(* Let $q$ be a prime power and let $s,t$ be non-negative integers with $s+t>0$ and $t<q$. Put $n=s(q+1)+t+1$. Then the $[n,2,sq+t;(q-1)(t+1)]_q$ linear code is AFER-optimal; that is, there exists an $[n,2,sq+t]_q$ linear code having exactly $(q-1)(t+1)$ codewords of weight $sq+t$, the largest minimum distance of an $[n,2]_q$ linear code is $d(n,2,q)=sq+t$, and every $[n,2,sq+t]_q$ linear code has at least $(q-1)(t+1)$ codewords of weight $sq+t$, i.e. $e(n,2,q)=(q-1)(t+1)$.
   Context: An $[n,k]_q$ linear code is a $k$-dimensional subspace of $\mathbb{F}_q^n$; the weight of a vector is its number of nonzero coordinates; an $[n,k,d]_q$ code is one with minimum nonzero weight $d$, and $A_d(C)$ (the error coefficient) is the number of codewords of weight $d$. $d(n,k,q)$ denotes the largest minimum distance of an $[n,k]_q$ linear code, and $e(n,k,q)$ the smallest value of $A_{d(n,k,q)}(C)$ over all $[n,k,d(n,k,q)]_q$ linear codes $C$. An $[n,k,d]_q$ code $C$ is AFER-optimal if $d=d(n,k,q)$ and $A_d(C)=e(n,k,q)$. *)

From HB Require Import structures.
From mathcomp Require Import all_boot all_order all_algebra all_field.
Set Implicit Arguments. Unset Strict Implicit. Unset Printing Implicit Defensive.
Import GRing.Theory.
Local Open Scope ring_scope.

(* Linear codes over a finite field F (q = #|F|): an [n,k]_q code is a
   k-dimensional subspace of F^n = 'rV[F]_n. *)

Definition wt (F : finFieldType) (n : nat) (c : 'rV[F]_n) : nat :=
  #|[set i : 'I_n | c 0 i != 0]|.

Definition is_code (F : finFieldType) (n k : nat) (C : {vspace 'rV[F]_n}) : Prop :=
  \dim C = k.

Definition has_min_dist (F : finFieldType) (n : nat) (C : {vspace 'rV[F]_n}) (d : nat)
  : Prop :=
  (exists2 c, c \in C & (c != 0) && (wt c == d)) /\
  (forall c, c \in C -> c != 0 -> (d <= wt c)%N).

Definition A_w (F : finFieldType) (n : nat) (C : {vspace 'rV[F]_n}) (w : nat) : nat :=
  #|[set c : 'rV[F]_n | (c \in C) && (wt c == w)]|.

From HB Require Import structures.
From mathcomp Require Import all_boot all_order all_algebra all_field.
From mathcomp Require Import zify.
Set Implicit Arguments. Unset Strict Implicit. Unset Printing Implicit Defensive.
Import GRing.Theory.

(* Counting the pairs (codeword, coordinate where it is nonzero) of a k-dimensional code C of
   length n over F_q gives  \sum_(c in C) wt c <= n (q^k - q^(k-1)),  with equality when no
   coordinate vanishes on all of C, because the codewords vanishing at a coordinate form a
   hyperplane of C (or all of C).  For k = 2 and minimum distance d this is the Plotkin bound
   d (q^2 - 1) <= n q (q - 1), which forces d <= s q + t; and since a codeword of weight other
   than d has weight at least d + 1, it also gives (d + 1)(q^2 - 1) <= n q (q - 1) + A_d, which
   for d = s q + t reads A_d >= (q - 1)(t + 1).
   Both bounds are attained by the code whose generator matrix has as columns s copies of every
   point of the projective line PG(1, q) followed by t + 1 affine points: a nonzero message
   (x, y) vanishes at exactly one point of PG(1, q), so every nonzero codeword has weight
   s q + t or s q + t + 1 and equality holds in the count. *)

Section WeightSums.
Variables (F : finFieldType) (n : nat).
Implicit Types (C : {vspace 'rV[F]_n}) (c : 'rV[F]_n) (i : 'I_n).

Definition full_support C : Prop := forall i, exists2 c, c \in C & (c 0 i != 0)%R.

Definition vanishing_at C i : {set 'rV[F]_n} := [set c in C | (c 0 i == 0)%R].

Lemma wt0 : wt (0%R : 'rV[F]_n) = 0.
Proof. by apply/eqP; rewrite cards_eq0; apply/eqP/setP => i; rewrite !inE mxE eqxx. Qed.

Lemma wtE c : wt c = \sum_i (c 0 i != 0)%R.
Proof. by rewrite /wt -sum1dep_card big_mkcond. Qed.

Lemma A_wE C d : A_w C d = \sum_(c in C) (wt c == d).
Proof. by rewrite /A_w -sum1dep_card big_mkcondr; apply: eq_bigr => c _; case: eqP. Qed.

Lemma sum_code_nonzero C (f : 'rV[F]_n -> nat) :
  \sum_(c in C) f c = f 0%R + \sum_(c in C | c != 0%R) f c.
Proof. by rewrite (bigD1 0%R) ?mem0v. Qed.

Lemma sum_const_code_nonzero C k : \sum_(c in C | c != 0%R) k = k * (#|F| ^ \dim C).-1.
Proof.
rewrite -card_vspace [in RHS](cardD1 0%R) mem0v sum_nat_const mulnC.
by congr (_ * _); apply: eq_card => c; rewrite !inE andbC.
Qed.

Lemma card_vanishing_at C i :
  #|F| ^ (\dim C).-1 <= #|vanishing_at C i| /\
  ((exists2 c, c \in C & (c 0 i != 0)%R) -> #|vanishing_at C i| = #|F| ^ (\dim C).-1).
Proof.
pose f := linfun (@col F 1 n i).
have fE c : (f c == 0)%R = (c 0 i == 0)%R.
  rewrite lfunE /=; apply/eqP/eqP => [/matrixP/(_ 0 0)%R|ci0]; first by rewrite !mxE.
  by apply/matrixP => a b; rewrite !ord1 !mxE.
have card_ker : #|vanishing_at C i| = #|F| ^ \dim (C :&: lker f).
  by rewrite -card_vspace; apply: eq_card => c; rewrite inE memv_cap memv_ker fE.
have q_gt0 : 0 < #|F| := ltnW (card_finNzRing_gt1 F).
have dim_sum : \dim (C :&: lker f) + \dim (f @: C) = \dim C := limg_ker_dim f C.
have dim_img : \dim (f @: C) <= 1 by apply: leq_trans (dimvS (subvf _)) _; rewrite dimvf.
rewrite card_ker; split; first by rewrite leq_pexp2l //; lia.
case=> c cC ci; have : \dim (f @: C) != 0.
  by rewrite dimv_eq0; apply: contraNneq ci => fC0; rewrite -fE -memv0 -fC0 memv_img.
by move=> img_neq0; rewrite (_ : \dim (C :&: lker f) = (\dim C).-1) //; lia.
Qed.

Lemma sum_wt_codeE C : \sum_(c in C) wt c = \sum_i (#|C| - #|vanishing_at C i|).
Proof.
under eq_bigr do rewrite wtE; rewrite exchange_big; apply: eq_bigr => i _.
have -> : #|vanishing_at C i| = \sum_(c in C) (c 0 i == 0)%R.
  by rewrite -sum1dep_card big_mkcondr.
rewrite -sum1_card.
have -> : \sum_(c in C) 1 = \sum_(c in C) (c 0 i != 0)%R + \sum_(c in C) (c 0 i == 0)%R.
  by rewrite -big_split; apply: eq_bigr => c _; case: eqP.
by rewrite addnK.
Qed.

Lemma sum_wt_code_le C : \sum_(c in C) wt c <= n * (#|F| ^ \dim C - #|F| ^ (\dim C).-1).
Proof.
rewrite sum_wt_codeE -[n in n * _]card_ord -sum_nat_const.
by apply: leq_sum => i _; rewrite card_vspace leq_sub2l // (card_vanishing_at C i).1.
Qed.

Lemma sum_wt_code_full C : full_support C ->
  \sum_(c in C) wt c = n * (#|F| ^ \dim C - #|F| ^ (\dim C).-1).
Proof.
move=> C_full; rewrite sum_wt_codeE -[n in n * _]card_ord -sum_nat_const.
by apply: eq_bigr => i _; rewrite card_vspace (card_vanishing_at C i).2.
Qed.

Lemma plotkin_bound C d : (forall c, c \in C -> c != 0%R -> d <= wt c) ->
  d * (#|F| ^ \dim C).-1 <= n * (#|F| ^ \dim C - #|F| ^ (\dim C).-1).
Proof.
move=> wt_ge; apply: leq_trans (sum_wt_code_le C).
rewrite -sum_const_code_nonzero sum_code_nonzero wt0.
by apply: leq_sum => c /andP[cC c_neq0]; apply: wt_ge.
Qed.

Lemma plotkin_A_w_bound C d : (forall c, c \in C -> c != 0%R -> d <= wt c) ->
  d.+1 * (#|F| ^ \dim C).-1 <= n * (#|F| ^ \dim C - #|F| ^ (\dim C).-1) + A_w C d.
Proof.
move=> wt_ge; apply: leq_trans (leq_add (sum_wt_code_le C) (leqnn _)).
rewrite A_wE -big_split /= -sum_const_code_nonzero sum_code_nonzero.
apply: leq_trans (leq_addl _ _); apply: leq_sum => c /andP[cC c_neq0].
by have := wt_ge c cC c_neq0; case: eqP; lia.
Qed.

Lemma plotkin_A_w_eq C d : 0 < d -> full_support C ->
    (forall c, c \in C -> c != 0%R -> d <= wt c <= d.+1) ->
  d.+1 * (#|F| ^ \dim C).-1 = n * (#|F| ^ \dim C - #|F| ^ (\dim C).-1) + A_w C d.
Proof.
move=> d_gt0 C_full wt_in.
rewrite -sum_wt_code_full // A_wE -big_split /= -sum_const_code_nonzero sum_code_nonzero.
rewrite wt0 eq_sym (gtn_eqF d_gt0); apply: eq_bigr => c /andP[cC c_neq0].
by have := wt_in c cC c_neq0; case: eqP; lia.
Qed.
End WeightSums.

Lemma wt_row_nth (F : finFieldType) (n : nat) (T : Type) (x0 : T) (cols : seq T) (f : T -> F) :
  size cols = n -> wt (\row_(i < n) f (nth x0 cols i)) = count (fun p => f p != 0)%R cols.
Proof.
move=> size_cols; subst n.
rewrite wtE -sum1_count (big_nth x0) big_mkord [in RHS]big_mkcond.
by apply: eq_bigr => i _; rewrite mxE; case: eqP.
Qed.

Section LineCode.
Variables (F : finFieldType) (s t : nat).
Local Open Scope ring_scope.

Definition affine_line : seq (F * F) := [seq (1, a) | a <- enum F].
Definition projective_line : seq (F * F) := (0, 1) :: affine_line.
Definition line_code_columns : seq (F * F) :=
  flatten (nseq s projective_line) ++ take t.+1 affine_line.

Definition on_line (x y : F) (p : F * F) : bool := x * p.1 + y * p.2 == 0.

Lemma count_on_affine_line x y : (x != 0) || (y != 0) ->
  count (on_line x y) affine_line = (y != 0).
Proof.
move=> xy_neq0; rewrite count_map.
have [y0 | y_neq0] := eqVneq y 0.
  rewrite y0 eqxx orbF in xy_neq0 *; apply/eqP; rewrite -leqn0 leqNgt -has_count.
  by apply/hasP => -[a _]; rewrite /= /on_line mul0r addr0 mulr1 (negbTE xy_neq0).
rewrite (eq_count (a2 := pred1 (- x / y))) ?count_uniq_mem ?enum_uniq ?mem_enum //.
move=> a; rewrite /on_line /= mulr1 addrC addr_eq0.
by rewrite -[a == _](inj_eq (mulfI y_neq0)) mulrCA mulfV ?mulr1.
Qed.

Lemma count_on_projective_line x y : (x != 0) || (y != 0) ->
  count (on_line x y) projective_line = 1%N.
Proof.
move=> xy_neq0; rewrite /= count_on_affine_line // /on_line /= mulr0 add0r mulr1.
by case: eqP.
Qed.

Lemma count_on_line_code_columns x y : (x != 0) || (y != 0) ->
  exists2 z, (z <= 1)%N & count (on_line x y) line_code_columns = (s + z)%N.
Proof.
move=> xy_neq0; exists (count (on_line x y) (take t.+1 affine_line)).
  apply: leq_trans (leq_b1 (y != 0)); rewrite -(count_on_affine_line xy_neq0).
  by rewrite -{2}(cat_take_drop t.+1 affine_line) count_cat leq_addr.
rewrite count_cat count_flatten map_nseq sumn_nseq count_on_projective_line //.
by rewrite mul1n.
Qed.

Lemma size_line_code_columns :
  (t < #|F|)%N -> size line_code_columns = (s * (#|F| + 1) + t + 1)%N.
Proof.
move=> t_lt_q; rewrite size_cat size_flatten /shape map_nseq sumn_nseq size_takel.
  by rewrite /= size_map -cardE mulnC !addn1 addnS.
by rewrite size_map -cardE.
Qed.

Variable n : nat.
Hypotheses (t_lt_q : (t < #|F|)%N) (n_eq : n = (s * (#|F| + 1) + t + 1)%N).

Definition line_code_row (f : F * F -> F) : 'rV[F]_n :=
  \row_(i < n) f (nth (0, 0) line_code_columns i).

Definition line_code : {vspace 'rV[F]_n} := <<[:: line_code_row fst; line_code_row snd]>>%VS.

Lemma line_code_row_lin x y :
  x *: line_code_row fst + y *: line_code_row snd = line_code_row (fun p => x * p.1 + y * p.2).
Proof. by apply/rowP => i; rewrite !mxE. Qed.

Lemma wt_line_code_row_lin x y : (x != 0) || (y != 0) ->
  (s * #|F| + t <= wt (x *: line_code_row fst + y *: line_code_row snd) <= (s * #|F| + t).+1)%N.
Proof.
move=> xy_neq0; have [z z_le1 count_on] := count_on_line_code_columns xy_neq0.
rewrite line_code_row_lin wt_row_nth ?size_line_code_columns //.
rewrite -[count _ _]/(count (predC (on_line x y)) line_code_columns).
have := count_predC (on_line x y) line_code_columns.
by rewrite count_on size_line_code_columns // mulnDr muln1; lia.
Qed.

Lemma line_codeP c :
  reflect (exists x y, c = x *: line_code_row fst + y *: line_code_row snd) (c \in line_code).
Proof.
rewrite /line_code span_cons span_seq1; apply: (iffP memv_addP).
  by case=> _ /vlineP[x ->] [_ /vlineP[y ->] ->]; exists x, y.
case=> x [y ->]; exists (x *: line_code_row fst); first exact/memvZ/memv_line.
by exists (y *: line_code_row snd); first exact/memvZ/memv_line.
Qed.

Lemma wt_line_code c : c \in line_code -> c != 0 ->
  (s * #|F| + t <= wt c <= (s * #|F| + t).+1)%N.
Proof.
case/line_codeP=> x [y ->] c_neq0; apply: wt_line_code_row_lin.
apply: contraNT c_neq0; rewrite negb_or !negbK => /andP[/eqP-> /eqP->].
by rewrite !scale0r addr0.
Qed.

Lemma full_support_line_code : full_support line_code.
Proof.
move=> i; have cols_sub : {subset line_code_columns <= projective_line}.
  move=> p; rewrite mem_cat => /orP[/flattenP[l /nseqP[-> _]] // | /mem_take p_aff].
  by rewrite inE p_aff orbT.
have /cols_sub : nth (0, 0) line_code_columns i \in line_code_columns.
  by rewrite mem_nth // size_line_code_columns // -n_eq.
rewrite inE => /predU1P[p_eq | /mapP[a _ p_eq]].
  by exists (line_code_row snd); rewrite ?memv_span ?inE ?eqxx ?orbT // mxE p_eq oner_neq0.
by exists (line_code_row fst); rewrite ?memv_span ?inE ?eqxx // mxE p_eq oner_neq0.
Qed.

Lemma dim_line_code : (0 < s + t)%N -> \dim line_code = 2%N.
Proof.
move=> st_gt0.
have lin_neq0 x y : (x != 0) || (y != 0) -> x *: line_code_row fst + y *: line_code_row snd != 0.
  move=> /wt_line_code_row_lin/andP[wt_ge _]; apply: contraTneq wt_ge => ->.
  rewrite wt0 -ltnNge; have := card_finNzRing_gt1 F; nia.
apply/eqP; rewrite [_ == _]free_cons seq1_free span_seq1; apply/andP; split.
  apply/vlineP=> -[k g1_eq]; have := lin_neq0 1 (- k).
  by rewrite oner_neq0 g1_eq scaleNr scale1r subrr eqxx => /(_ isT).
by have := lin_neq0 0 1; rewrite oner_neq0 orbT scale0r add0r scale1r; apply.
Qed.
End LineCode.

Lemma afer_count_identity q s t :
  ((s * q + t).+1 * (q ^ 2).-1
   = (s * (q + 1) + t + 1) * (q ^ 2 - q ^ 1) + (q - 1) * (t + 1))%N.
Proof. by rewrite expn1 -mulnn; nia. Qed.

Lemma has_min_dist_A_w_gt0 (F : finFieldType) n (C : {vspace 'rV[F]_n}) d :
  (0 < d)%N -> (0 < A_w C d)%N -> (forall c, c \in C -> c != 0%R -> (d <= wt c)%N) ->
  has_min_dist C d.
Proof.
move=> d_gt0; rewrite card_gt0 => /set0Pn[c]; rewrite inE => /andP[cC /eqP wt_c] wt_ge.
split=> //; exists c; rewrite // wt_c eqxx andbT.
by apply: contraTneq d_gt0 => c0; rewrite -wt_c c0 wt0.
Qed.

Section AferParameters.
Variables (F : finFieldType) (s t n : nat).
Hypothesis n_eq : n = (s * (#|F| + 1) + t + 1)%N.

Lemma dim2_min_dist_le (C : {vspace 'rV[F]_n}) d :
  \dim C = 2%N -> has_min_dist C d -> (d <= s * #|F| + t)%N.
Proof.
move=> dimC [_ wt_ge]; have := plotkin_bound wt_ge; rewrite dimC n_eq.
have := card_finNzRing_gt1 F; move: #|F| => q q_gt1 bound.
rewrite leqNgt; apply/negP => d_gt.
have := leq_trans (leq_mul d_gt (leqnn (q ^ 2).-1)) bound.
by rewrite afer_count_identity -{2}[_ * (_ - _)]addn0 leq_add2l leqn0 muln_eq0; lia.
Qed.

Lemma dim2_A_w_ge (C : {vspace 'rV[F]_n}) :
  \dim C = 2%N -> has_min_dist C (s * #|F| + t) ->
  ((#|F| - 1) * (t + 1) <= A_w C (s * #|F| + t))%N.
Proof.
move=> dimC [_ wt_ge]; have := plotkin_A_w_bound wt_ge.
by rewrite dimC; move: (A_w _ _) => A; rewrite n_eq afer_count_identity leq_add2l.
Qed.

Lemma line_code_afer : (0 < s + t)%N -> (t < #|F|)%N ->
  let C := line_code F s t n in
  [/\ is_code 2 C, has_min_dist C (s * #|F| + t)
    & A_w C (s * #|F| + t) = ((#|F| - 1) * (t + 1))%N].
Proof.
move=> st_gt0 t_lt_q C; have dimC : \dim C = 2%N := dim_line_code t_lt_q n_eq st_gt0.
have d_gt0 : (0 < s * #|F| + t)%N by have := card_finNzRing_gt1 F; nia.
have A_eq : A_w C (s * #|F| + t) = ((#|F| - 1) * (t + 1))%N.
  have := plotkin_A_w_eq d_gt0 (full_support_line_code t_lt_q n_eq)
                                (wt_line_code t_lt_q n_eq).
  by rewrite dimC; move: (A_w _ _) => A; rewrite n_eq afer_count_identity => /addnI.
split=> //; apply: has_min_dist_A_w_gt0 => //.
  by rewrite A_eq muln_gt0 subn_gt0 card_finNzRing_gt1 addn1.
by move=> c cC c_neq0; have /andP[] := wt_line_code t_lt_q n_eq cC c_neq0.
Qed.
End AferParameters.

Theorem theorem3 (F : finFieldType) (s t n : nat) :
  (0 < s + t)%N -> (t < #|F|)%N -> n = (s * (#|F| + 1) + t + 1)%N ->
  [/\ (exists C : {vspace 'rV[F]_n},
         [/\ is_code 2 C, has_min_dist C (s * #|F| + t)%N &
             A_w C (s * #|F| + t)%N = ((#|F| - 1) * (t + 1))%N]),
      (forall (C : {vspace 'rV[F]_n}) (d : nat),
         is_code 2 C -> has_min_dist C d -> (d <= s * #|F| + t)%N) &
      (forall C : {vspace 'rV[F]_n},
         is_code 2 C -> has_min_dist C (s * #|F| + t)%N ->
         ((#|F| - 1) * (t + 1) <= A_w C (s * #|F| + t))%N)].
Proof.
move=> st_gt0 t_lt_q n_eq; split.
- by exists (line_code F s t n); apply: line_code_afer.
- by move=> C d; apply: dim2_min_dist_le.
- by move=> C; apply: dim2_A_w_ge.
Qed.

EXERCISE BRIEF
Each line of the listing above that contains the word "forall" is to be copied.

SOLUTION TO THE PROBLEM
  (forall c, c \in C -> c != 0 -> (d <= wt c)%N).
Definition full_support C : Prop := forall i, exists2 c, c \in C & (c 0 i != 0)%R.
Lemma plotkin_bound C d : (forall c, c \in C -> c != 0%R -> d <= wt c) ->
Lemma plotkin_A_w_bound C d : (forall c, c \in C -> c != 0%R -> d <= wt c) ->
    (forall c, c \in C -> c != 0%R -> d <= wt c <= d.+1) ->
  (0 < d)%N -> (0 < A_w C d)%N -> (forall c, c \in C -> c != 0%R -> (d <= wt c)%N) ->
      (forall (C : {vspace 'rV[F]_n}) (d : nat),
      (forall C : {vspace 'rV[F]_n},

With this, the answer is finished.